=== SUPPLIED MATERIAL ===
________________________________________
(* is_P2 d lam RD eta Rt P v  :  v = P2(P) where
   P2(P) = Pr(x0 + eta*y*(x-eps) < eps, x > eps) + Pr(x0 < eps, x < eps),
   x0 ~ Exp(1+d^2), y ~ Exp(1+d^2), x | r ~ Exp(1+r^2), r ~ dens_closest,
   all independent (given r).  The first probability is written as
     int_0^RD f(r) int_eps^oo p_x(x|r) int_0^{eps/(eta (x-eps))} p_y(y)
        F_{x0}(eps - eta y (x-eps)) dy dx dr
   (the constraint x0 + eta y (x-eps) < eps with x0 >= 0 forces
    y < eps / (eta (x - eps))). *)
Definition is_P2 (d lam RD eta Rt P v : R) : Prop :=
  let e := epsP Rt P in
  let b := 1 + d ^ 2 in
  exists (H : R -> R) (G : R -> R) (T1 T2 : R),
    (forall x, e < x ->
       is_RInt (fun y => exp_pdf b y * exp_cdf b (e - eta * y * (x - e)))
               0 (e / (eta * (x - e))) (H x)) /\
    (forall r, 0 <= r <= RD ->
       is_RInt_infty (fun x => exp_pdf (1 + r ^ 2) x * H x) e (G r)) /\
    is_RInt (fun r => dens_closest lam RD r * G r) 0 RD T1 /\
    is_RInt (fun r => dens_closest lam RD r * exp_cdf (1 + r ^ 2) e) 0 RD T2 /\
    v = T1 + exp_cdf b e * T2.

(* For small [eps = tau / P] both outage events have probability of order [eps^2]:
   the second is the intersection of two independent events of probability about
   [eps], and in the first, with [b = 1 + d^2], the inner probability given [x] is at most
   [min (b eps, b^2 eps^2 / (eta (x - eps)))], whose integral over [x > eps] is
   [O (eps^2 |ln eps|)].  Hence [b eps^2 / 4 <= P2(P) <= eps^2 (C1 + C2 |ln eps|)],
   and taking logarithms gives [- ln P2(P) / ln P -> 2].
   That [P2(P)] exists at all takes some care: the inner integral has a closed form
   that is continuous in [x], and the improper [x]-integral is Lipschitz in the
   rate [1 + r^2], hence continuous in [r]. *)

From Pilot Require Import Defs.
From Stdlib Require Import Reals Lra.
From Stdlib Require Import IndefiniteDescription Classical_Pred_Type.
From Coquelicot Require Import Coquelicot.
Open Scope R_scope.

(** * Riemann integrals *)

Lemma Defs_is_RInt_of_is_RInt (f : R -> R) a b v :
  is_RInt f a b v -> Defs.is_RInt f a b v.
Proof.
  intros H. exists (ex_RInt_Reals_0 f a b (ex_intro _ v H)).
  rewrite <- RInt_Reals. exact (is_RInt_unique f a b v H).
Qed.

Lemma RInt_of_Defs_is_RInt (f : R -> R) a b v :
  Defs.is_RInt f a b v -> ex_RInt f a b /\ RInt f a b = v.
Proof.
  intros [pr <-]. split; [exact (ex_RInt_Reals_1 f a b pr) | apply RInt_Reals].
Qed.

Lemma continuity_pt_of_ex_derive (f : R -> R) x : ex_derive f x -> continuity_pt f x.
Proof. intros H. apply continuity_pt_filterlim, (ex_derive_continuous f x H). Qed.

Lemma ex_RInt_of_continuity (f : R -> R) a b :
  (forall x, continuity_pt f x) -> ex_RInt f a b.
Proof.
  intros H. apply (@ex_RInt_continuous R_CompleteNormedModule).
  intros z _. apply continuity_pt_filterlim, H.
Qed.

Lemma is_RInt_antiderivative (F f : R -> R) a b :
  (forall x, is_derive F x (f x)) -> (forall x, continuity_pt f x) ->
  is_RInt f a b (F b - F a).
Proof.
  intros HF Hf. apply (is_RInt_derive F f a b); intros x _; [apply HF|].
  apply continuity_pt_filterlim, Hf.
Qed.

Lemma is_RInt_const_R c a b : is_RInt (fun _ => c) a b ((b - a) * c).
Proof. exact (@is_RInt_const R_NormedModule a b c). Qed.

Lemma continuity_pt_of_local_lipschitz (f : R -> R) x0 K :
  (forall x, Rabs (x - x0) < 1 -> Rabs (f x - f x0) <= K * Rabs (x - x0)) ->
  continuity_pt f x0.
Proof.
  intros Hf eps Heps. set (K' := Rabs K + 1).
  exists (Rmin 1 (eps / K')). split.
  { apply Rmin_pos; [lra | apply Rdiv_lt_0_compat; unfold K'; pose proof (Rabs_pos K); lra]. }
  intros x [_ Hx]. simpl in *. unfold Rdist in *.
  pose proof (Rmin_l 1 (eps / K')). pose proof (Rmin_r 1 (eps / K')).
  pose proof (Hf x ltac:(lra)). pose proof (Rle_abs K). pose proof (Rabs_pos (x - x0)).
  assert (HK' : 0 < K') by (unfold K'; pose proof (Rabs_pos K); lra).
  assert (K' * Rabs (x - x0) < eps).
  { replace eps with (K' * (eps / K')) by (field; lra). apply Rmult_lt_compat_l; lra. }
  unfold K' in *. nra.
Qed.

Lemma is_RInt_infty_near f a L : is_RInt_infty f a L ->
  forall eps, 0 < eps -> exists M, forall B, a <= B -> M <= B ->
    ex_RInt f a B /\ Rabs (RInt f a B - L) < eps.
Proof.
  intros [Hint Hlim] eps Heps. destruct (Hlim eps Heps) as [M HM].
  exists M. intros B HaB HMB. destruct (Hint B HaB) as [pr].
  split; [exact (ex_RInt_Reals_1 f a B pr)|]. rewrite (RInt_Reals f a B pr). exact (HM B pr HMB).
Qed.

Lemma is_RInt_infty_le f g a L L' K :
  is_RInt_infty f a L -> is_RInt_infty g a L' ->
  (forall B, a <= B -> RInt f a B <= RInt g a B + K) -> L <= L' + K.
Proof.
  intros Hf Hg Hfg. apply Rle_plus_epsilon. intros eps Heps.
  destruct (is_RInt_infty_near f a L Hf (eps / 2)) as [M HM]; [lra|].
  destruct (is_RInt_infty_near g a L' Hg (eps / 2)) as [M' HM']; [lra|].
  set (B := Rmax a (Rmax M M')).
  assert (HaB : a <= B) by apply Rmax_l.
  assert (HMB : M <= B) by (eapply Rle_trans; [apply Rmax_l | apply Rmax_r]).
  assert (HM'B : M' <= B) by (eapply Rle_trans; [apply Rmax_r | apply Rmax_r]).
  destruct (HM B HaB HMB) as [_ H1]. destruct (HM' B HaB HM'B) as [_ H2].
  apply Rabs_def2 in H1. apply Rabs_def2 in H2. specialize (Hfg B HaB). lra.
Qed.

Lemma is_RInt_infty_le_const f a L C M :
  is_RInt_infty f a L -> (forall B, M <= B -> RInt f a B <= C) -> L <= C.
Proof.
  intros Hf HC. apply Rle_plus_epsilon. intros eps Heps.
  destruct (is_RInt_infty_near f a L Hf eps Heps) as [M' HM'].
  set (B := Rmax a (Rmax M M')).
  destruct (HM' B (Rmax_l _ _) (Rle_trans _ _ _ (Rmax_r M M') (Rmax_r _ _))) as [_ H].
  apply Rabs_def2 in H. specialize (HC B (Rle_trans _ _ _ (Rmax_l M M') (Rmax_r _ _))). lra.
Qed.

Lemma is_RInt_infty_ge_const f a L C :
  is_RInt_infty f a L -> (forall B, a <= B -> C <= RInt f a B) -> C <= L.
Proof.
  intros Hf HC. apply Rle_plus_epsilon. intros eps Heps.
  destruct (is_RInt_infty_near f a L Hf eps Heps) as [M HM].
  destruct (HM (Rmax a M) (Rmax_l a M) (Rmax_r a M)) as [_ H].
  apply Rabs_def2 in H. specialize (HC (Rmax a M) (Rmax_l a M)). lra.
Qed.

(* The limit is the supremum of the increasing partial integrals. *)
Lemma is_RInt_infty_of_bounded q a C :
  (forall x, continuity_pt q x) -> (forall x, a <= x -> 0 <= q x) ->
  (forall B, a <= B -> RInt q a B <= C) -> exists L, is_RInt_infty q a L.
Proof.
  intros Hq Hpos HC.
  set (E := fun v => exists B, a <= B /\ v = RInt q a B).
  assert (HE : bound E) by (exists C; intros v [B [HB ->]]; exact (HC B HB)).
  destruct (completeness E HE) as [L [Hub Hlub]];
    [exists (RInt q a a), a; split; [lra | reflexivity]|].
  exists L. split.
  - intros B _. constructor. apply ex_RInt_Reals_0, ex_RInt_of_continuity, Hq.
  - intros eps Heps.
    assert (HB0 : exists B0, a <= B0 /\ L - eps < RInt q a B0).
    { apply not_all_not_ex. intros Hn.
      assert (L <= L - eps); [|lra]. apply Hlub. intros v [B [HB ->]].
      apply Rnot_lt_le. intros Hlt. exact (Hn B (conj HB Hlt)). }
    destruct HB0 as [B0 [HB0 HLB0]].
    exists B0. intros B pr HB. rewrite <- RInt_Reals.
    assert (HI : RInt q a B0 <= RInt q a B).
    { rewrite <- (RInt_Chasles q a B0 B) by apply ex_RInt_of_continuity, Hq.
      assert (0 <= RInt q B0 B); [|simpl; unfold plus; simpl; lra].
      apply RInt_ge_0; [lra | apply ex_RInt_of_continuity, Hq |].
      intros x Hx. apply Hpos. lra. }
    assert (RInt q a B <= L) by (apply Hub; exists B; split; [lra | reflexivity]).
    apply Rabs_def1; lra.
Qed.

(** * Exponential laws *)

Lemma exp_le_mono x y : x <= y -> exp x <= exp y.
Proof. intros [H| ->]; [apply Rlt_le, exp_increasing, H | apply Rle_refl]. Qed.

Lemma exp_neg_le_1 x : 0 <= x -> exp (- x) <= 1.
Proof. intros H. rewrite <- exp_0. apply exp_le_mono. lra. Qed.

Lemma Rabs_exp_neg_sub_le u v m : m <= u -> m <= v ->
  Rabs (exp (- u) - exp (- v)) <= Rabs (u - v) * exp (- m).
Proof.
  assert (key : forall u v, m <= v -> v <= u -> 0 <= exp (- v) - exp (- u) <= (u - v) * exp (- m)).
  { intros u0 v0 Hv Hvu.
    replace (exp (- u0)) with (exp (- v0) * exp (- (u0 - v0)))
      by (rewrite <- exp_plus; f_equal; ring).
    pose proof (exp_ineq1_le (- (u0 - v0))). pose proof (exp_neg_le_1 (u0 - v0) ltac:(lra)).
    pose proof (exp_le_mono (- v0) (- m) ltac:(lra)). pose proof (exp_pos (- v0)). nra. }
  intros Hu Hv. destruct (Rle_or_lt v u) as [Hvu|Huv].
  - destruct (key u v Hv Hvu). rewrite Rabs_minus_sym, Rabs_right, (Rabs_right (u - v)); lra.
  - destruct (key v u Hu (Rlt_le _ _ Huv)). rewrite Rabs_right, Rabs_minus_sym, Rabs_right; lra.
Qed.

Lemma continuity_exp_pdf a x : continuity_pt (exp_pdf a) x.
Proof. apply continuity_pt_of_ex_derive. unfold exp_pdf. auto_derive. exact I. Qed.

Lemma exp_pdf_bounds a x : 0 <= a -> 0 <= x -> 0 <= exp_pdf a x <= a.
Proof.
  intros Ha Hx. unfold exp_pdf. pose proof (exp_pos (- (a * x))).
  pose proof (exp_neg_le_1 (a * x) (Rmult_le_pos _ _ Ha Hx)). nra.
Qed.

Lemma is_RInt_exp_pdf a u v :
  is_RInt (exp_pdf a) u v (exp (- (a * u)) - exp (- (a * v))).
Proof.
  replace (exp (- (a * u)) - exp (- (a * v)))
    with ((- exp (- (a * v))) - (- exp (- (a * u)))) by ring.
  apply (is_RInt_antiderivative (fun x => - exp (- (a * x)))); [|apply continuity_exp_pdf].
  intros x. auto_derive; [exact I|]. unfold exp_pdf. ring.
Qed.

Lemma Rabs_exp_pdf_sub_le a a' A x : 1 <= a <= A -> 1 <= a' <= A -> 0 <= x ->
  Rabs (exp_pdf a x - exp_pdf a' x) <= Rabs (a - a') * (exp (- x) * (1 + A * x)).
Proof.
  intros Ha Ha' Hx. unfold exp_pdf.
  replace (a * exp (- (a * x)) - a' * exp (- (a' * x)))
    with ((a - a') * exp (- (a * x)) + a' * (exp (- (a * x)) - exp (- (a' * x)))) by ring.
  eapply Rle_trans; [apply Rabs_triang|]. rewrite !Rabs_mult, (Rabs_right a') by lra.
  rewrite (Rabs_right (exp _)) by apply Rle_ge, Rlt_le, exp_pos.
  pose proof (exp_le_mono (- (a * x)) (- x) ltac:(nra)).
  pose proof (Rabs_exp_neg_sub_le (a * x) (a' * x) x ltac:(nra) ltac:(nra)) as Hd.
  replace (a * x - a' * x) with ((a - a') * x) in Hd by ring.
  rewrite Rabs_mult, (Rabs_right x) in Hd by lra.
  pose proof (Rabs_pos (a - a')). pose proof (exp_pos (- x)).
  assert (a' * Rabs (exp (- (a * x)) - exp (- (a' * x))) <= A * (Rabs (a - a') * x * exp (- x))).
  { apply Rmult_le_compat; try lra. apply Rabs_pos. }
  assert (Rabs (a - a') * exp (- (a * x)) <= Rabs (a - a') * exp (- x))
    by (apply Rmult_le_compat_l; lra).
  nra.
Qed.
________________________________________
Using the entries above, extract exactly the span from the line with "is_RInt_infty f a L -> (forall B, M" to the line with "destruct (is_RInt_infty_near f a L Hf eps Heps) as [M HM].", both lines included; leave out everything else.

=== YOUR SOLUTION ===
  is_RInt_infty f a L -> (forall B, M <= B -> RInt f a B <= C) -> L <= C.
Proof.
  intros Hf HC. apply Rle_plus_epsilon. intros eps Heps.
  destruct (is_RInt_infty_near f a L Hf eps Heps) as [M' HM'].
  set (B := Rmax a (Rmax M M')).
  destruct (HM' B (Rmax_l _ _) (Rle_trans _ _ _ (Rmax_r M M') (Rmax_r _ _))) as [_ H].
  apply Rabs_def2 in H. specialize (HC B (Rle_trans _ _ _ (Rmax_l M M') (Rmax_r _ _))). lra.
Qed.

Lemma is_RInt_infty_ge_const f a L C :
  is_RInt_infty f a L -> (forall B, a <= B -> C <= RInt f a B) -> C <= L.
Proof.
  intros Hf HC. apply Rle_plus_epsilon. intros eps Heps.
  destruct (is_RInt_infty_near f a L Hf eps Heps) as [M HM].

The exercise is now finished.